— Ты разговаривал с Гектором?
— Приамид сделает все, чтобы удержать город. Он — разумный
человек. Он мог бы согласиться выдать Елену и даже Париса, но он
никогда не склонит голову перед Атридом. Или кем-нибудь еще.
Рыжий довольно долго разговаривал с Домоседом. Они оба
соглашались, что война принесет обеим сторонам лишь неприятности,
но реальной власти что-либо изменить не было ни у одного. У ахейцев
правил бал Агамемнон, Гектор же не мог прекословить своему отцу,
правителю города, а Приам был непреклонен. Ахейцы хотят войны,
сказал он, они ее получат. Стены Трои неприступны.

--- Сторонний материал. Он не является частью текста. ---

Lemma coef_eval_roots_bounded : exists2 K, 1 <= K & forall k z, 0 <= k <= 1 ->
  root (toC (p k)) z -> `|z| <= K%:C.
Proof.
have [L L0 pL] := coef_eval_bounds.
exists (1 + N%:R * L) => [|k z k01 rz]; first by rewrite lerDl mulr_ge0.
apply: le_trans (norm_root_le_poly_norm1 (monic_map _ (monic_P k)) rz) _.
rewrite poly_norm1_complex lecR.
apply: le_trans (poly_norm1_le (fun i => (pL k i k01).1)) _.
by rewrite ler_wpDl // ler_wpM2r // ler_nat size_coef_eval.
Qed.

Lemma coef_eval_unstable_roots_small : exists2 G, 0 <= G & forall k z, 0 <= k <= 1 ->
  root (toC (p k)) z -> 0 <= complex.Re z -> `|z| <= (k * G)%:C.
Proof.
have [L L0 pL] := coef_eval_bounds.
have [K K1 zK] := coef_eval_roots_bounded.
have [c c0 Qc] := prod_XsubC_bounded_below s_stable.
have K0 : 0 <= K by rewrite (le_trans ler01).
exists (N%:R * L * K ^+ N / c) => [|k z k01 rz Rez].
  by rewrite divr_ge0 ?mulr_ge0 ?exprn_ge0 ?ler0n // ltW.
have k0 : 0 <= k by case/andP: k01.
have size_diff : (size (p 0 - p k)%R <= N)%N.
  by rewrite (leq_trans (size_add _ _)) // size_polyN geq_max !size_coef_eval.
have diff_small : `|(toC (p 0 - p k)).[z]| <= (k * (N%:R * L * K ^+ N))%:C.
  have K1C : 1 <= K%:C by rewrite lecR.
  apply: le_trans (norm_horner_le _ (zK k z k01 rz) K1C) _.
  rewrite poly_norm1_complex size_map_poly -rmorphXn -rmorphM lecR.
  have -> : k * (N%:R * L * K ^+ N) = N%:R * (k * L) * K ^+ N by ring.
  apply: ler_pM; rewrite ?poly_norm1_ge0 ?exprn_ge0 ?ler_weXn2l //.
  apply: le_trans (poly_norm1_le (M := k * L) _) _.
    by move=> i; rewrite coefB distrC; exact: (pL k i k01).2.
  by rewrite ler_wpM2r ?mulr_ge0 ?ler_nat.
have z_lower : `|z| * c%:C <= `|(toC (p 0 - p k)).[z]|.
  rewrite rmorphB /= hornerD hornerN (eqP rz) subr0 P0E hornerM hornerX normrM.
  by rewrite ler_wpM2l ?Qc.
by rewrite mulrA fmorph_div ler_pdivlMr ?ltcR // (le_trans z_lower).
Qed.

Lemma coef_eval_stable_near0 (kh : R) : 0 < kh ->
  (forall k, 0 < k < kh -> 0 < (p k).[0]) ->
  exists2 kt, 0 < kt & forall k z, 0 < k <= kt ->
    root (toC (p k)) z -> complex.Re z < 0.
Proof.
move=> kh0 p_pos.
have [L L0 pL] := coef_eval_bounds.
have [G G0 zG] := coef_eval_unstable_roots_small.
have a0 : 0 < (p 0)`_1 := coef1_gt0 (monic_P 0) s_stable P0E.
(* k D <= min 1 a gives k <= 1, k G <= 1 and k (G N^2 L + L) < a, the smallness
   conditions of no_root_in_small_right_half_disc at r = k G. *)
pose D := 1 + G + L + G * (N%:R * (N%:R * L)).
have D1 : 1 <= D by rewrite /D -!addrA lerDl !addr_ge0 ?mulr_ge0 ?ler0n.
have D0 : 0 < D := lt_le_trans ltr01 D1.
exists (Num.min (kh / 2) ((Num.min 1 (p 0)`_1) / D)) => [|k z].
  by rewrite lt_min !divr_gt0 // lt_min ltr01.
move=> /andP[k0]; rewrite le_min => /andP[kkh].
rewrite ler_pdivlMr // le_min => /andP[kD1 kDa] rz.
have k0' : 0 <= k := ltW k0.
rewrite ltNge; apply/negP => Rez.
have k01 : 0 <= k <= 1 by rewrite ltW //= (le_trans _ kD1) // ler_peMr // ltW.
have kGNNL_ge0 : 0 <= k * G * (N%:R * (N%:R * L)) by rewrite !mulr_ge0 ?ler0n.
have kDE : k * D = k + k * G + k * L + k * G * (N%:R * (N%:R * L)) by rewrite /D; ring.
have [_ pk1_near] := pL k 1%N k01.
have z_small := zG k z k01 rz Rez.
apply/negP: rz; apply: no_root_in_small_right_half_disc z_small Rez.
- by apply: p_pos; rewrite k0 (le_lt_trans kkh) // ltr_pdivrMr // ltr_pMr // ltr1n.
- by apply: le_trans kD1; rewrite kDE; have := mulr_ge0 k0' L0; lra.
- apply: le_lt_trans (_ : k * G * (N%:R * (N%:R * L)) < _).
    rewrite -mulrA ler_wpM2l ?mulr_ge0 //.
    apply: ler_pM; rewrite ?ler0n ?poly_norm1_ge0 ?ler_nat ?size_coef_eval //.
    apply: le_trans (poly_norm1_le (fun i => (pL k i k01).1)) _.
    by rewrite ler_wpM2r ?ler_nat ?size_coef_eval.
  move: pk1_near => /ler_normlP[]; rewrite kDE in kDa; have := mulr_ge0 k0' G0; lra.
Qed.

End SmallParameter.

End RealClosed.

Lemma char_poly_horner0 (R : comNzRingType) n (A : 'M[R]_n) :
  (char_poly A).[0] = \det (- A).
Proof. by rewrite horner_coef0 char_poly_det -scaleN1r detZ. Qed.

Lemma monic_dvdp_sizeS (F : fieldType) (p q : {poly F}) x :
  p \is monic -> q \is monic -> size p = (size q).+1 -> q %| p ->
  root p x -> ~~ root q x -> p = ('X - x%:P) * q.
Proof.
move=> mp mq sp /dvdpP[r pE] px qx.
have mr : r \is monic by move: mp; rewrite pE monicMr.
have sr : size r = 2.
  move: sp; rewrite pE size_monicM ?monic_neq0 //.
  by have := size_poly_gt0 q; rewrite monic_neq0 //; lia.
have rx : root r x by move: px; rewrite pE rootM (negbTE qx) orbF.
rewrite pE; congr (_ * _); apply/esym/eqP.
rewrite -eqp_monic ?monicXsubC // -dvdp_size_eqp ?size_XsubC ?sr //.
by rewrite dvdp_XsubCl.
Qed.

Lemma sup_Re_roots_lt0 (R : realType) (p : {poly R[i]}) : (1 < size p)%N ->
  (forall z, root p z -> complex.Re z < 0) ->
  sup [set complex.Re z | z in [set z | root p z]] < 0.
Proof.
move=> sp p_stable; have [r pE] := closed_field_poly_normal p.
have rootE z : root p z = (z \in r).
  by rewrite pE rootZ ?root_prod_XsubC // lead_coef_eq0 -size_poly_gt0 ltnW.
pose b := \big[Num.max/-1]_(z <- r) complex.Re z.
have b0 : b < 0.
  by rewrite /b big_seq bigmax_lt ?ltrN10 // => z; rewrite -rootE; apply: p_stable.
apply: le_lt_trans b0; apply: ge_sup.
  case: r pE rootE {b} => [|y r] pE rootE.
    by move: sp; rewrite pE big_nil alg_polyC size_polyC; case: (_ != _).
  by exists (complex.Re y), y => //=; rewrite rootE mem_head.
by move=> _ [z /= pz <-]; rewrite /b le_bigmax_seq // -rootE.
Qed.

Theorem lemma2 (R : realType) (n m : nat) (B : 'M[int]_(n, m)) (C : 'M[int]_(m, n))
  (dm dp : 'rV[R]_m) (J2 J4 : 'M[R]_n) :
  (0 < n)%N -> (0 < m)%N ->
  (forall j, 0 <= dm 0 j <= dp 0 j) ->
  J2^T = J2 -> J4^T = J4 ->
  indefinite J2 -> neg_semidef J4 ->
  (exists kb : R, neg_def (kb ^+ 2 *: J2 + kb ^+ 4 *: J4)) ->
  (forall d : 'rV[R]_m, in_box dm dp d ->
     \det (intR R B *m diag_mx d *m intR R C) = 0 /\
     neg_eigs_mult (intR R B *m diag_mx d *m intR R C) n.-1) ->
  (exists v : 'cV[R]_n, v != 0 /\ (forall i, 0 <= v i 0) /\ v^T *m intR R B = 0) ->
  forall d : 'rV[R]_m, in_box dm dp d ->
    initially_positive (fun k : R => \det (- Mk B C d J2 J4 k)) ->
    exists kt : R, 0 < kt /\
      forall k : R, 0 < k <= kt -> spectral_abscissa (Mk B C d J2 J4 k) < 0.
Proof.
move=> n0 _ _ _ _ _ _ _ spectrum _ d dbox [kh [kh0 det_pos]].
have [detA0 [s [size_s [s_stable s_dvd]]]] := spectrum d dbox.
set A0 := intR R B *m diag_mx d *m intR R C in detA0 s_dvd.
pose Mx := map_mx polyC A0 + 'X^2 *: map_mx polyC J2 + 'X^4 *: map_mx polyC J4.
have MxE k : coef_eval (char_poly Mx) k = char_poly (Mk B C d J2 J4 k).
  rewrite /coef_eval map_char_poly; congr char_poly; apply/matrixP => i j.
  by rewrite /Mk !mxE /= !horner_evalE !hornerE.
have charC (M : 'M[R]_n) : char_poly (cmx M) = map_poly (real_complex R) (char_poly M).
  by rewrite map_char_poly.
have Mk0 : Mk B C d J2 J4 0 = A0 by rewrite /Mk expr0n scale0r addr0 expr0n scale0r addr0.
have P0E : map_poly (real_complex R) (coef_eval (char_poly Mx) 0) =
           'X * \prod_(y <- s) ('X - y%:P).
  rewrite MxE Mk0 -charC -[X in X * _]subr0 -polyC0.
  apply: monic_dvdp_sizeS; rewrite ?char_poly_monic ?monic_prod_XsubC //.
  - by rewrite size_char_poly size_prod_XsubC size_s prednK.
  - by rewrite charC -(rmorph0 (real_complex R)) fmorph_root /root char_poly_horner0
      -scaleN1r detZ detA0 mulr0.
  - by rewrite root_prod_XsubC; apply/negP => /s_stable; rewrite ltxx.
have monic_P k : coef_eval (char_poly Mx) k \is monic by rewrite MxE char_poly_monic.
have P_pos k : 0 < k < kh -> 0 < (coef_eval (char_poly Mx) k).[0].
  by rewrite MxE char_poly_horner0; apply: det_pos.
have [kt kt0 stable] := coef_eval_stable_near0 monic_P s_stable P0E kh0 P_pos.
exists kt; split => // k hk.
rewrite /spectral_abscissa /eigenvalues charC -MxE; apply: sup_Re_roots_lt0 => [|z].
  by rewrite size_map_poly MxE size_char_poly ltnS.
exact: stable.
Qed.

Видал я те стены. Нехилые стены, должен сказать. Но когда придет
черед деревянного коня, стены троянцам не помогут.
— Как думаешь, Ахилл согласится отправиться с нами?
— Если хотя бы половина того, что я о нем слышал, — правда, то
он сам будет уговаривать нас взять его с собой, — сказал Рыжий. —
Он мечтает о воинской славе, которая будет греметь в веках.
— Дурак, — фыркнул Алкаш.
— Он молод, — сказал Рыжий. — Может быть, у него еще будет
время, чтобы повзрослеть.
Будет, подумал я, под стенами Трои у него будет время не только
повзрослеть, но и состариться, однако ума у парня явно не
прибавится.
— Так когда мы плывем?
— Через пару дней. Или тебе наскучило у меня на Итаке?
— Гостеприимнее места я не встречал.
— Врешь, аргосец.
— Вру. Но ты — лучший хозяин из всех, что принимали меня в своих
домах.
— Опять врешь.
— По крайней мере, самый умный из них.
— Вот это правда, — сказал Рыжий.
— И у тебя прелестные жена и сын.
— Опять правда.
— Что ты думаешь о войне, Лаэртид?
— Это глупо.
— Нет, я имею в виду, сможем ли мы победить.
— Думаю, Троя падет перед нами, с Ахиллом мы будем или без. Но
это будет стоить нам столько крови, жизни, нервов и времени, что мы
вряд ли сильно обрадуемся, получив результат.
— Хорошо, что ты не пророк, Лаэртид.
— Я очень хотел бы надеяться, что я не пророк, Тидид.
Дальше они шли в молчании. Рыжий и Алкаш. Одиссей и Диомед.
Басилей Итаки и ванакт Аргоса. Два будущих лидера ахейского
воинства. Два героя. Двое выживших в предстоящей войне.
В грядущей бойне.
Я в очередной раз задумался о правомерности нашего поступка.
Пусть мы не вмешиваемся, пусть только наблюдаем, но имеем ли мы
право на то, чтобы вытаскивать на всеобщее обозрение и обсуждение
то, чем эти люди жили три с половиной тысячи лет тому назад? Как бы
вели себя мы сами, оказавшись на их месте?